| EXERCISE PROMPT |
Locate "From Stdlib Require Import Reals Lra ZArith." in the listing below, then output the line holding it and every line after it, exactly and with nothing else.

| DATA |
================================

(* Let a Cartesian mesh with cells $I_{ij}$ of sizes $\Delta x_i,\Delta y_j$ and cell averages $\overline{\bm{U}}^n_{ij}\in\mathcal{G}$ be given, and let $\Delta t^n\le\frac14\min_{i,j}\big(\Delta x_i/\alpha^n_{i+\frac12,j},\ \Delta y_j/\beta^n_{i,j+\frac12}\big)$. Let $\widehat{\bm{F}}^{\rm high}_{i+\frac12,j},\widehat{\bm{G}}^{\rm high}_{i,j+\frac12}\in\mathbb{R}^4$ be the high-order numerical fluxes, and let $\widehat{\bm{F}}^{\rm low},\widehat{\bm{G}}^{\rm low}$, the limited fluxes $\widehat{\bm{F}}^{\rm PCP},\widehat{\bm{G}}^{\rm PCP}$ and the states $\bm{U}^{\pm,\rm low}_{ij},\widetilde{\bm{U}}^{\pm,\rm low}_{ij}$ be as in the context. Assume $\bm{U}^{\pm,\rm low}_{ij},\widetilde{\bm{U}}^{\pm,\rm low}_{ij}\in\mathcal{G}$ for all $i,j$. Then for the scheme $$\overline{\bm{U}}^{n+1}_{ij}=\overline{\bm{U}}^n_{ij}-\frac{\Delta t^n}{\Delta x_i}\big(\widehat{\bm{F}}^{\rm PCP}_{i+\frac12,j}-\widehat{\bm{F}}^{\rm PCP}_{i-\frac12,j}\big)-\frac{\Delta t^n}{\Delta y_j}\big(\widehat{\bm{G}}^{\rm PCP}_{i,j+\frac12}-\widehat{\bm{G}}^{\rm PCP}_{i,j-\frac12}\big)$$ one has, for all $i,j$, $$\overline{\bm{U}}^{n+1}_{ij}=\tfrac14\big(\bm{U}^{+,\rm PCP}_{ij}+\bm{U}^{-,\rm PCP}_{ij}+\widetilde{\bm{U}}^{+,\rm PCP}_{ij}+\widetilde{\bm{U}}^{-,\rm PCP}_{ij}\big)\in\mathcal{G},$$ where $\bm{U}^{\pm,\rm PCP}_{ij}=\overline{\bm{U}}^n_{ij}\mp\frac{4\Delta t^n}{\Delta x_i}\widehat{\bm{F}}^{\rm PCP}_{i\pm\frac12,j}$ and $\widetilde{\bm{U}}^{\pm,\rm PCP}_{ij}=\overline{\bm{U}}^n_{ij}\mp\frac{4\Delta t^n}{\Delta y_j}\widehat{\bm{G}}^{\rm PCP}_{i,j\pm\frac12}$.
   Context: Setting: 2D special relativistic hydrodynamics ($c=1$), $\bm{U}_t+\bm{F}(\bm{U})_x+\bm{G}(\bm{U})_y=0$ with $\bm{U}=(D,\bm{m},E)^T$, $D=\rho\gamma$, $\bm{m}=\rho h\gamma^2\bm{u}$, $E=\rho h\gamma^2-p$, $h=1+e+p/\rho$, $p=(\Gamma-1)\rho e$, $\Gamma\in(1,2]$, $\gamma=(1-|\bm{u}|^2)^{-1/2}$, $\bm{F}=(Du_1,\bm{m}u_1+p\bm{e}_1,(E+p)u_1)^T$, $\bm{G}=(Du_2,\bm{m}u_2+p\bm{e}_2,(E+p)u_2)^T$. Admissible set $\mathcal{G}=\{\bm{U}: D>0,\ q(\bm{U})>0\}$ with $q(\bm{U})=E-\sqrt{D^2+|\bm{m}|^2}$. $\varrho^x,\varrho^y$ denote the spectral radii of $\partial\bm{F}/\partial\bm{U}$, $\partial\bm{G}/\partial\bm{U}$; $\alpha^n_{i+\frac12,j}=\max\{\varrho^x(\overline{\bm{U}}^n_{i+1,j}),\varrho^x(\overline{\bm{U}}^n_{ij})\}$, $\beta^n_{i,j+\frac12}=\max\{\varrho^y(\overline{\bm{U}}^n_{i,j+1}),\varrho^y(\overline{\bm{U}}^n_{ij})\}$. Low-order fluxes: $\widehat{\bm{F}}^{\rm low}_{i+\frac12,j}=\frac12\big(\bm{F}(\overline{\bm{U}}^n_{ij})+\bm{F}(\overline{\bm{U}}^n_{i+1,j})-\alpha^n_{i+\frac12,j}(\overline{\bm{U}}^n_{i+1,j}-\overline{\bm{U}}^n_{ij})\big)$, $\widehat{\bm{G}}^{\rm low}_{i,j+\frac12}$ analogous with $\bm{G}$, $\overline{\bm{U}}^n_{i,j+1}$, $\beta^n_{i,j+\frac12}$. The high-order fluxes $\widehat{\bm{F}}^{\rm high},\widehat{\bm{G}}^{\rm high}$ are given vectors (in the paper obtained by Gauss–Lobatto quadrature of 1D and 2D HLL fluxes evaluated at WENO-reconstructed states). For $\ast\in\{\rm low,high,D\}$ define $\bm{U}^{\pm,\ast}_{ij}=\overline{\bm{U}}^n_{ij}\mp\frac{4\Delta t^n}{\Delta x_i}\widehat{\bm{F}}^{\ast}_{i\pm\frac12,j}$, $\widetilde{\bm{U}}^{\pm,\ast}_{ij}=\overline{\bm{U}}^n_{ij}\mp\frac{4\Delta t^n}{\Delta y_j}\widehat{\bm{G}}^{\ast}_{i,j\pm\frac12}$, and write $D^{\pm,\ast}_{ij}$, $\widetilde D^{\pm,\ast}_{ij}$ for their first components. Fix $\varepsilon_D,\varepsilon_q>0$ with $D^{\pm,\rm low}_{ij},\widetilde D^{\pm,\rm low}_{ij}\ge\varepsilon_D$ and $q(\bm{U}^{\pm,\rm low}_{ij}),q(\widetilde{\bm{U}}^{\pm,\rm low}_{ij})\ge\varepsilon_q$ for all $i,j$. Limiter step (i): $\theta^{D,x,\pm}_{i+\frac12,j}=\frac{D^{\pm,\rm low}_{i+\frac12\mp\frac12,j}-\varepsilon_D}{D^{\pm,\rm low}_{i+\frac12\mp\frac12,j}-D^{\pm,\rm high}_{i+\frac12\mp\frac12,j}}$ if $D^{\pm,\rm high}_{i+\frac12\mp\frac12,j}<\varepsilon_D$ and $1$ otherwise (here $i+\frac12-\frac12=i$, $i+\frac12+\frac12=i+1$); $\theta^{D,x}_{i+\frac12,j}=\min\{\theta^{D,x,+}_{i+\frac12,j},\theta^{D,x,-}_{i+\frac12,j}\}$; $\widehat{\bm{F}}^{\rm D}_{i+\frac12,j}$ has first component $(1-\theta^{D,x}_{i+\frac12,j})\{\widehat{\bm{F}}^{\rm low}_{i+\frac12,j}\}_1+\theta^{D,x}_{i+\frac12,j}\{\widehat{\bm{F}}^{\rm high}_{i+\frac12,j}\}_1$ and other components equal to those of $\widehat{\bm{F}}^{\rm high}_{i+\frac12,j}$. $\theta^{D,y,\pm}_{i,j+\frac12}$, $\theta^{D,y}_{i,j+\frac12}$, $\widehat{\bm{G}}^{\rm D}_{i,j+\frac12}$ are defined analogously with $\widetilde D$, index $j$ and $\widehat{\bm{G}}$. Limiter step (ii): $\theta^{q,x,\pm}_{i+\frac12,j}=\frac{q(\bm{U}^{\pm,\rm low}_{i+\frac12\mp\frac12,j})-\varepsilon_q}{q(\bm{U}^{\pm,\rm low}_{i+\frac12\mp\frac12,j})-q(\bm{U}^{\pm,\rm D}_{i+\frac12\mp\frac12,j})}$ if $q(\bm{U}^{\pm,\rm D}_{i+\frac12\mp\frac12,j})<\varepsilon_q$ and $1$ otherwise; $\theta^{q,x}_{i+\frac12,j}=\min\{\theta^{q,x,+},\theta^{q,x,-}\}$; $\widehat{\bm{F}}^{\rm PCP}_{i+\frac12,j}=(1-\theta^{q,x}_{i+\frac12,j})\widehat{\bm{F}}^{\rm low}_{i+\frac12,j}+\theta^{q,x}_{i+\frac12,j}\widehat{\bm{F}}^{\rm D}_{i+\frac12,j}$; $\widehat{\bm{G}}^{\rm PCP}_{i,j+\frac12}$ analogously with $\widetilde{\bm{U}}$, $\widehat{\bm{G}}$. *)

From Stdlib Require Import Reals Lra ZArith.
Open Scope R_scope.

================================

| OUTPUT |
From Stdlib Require Import Reals Lra ZArith.
Open Scope R_scope.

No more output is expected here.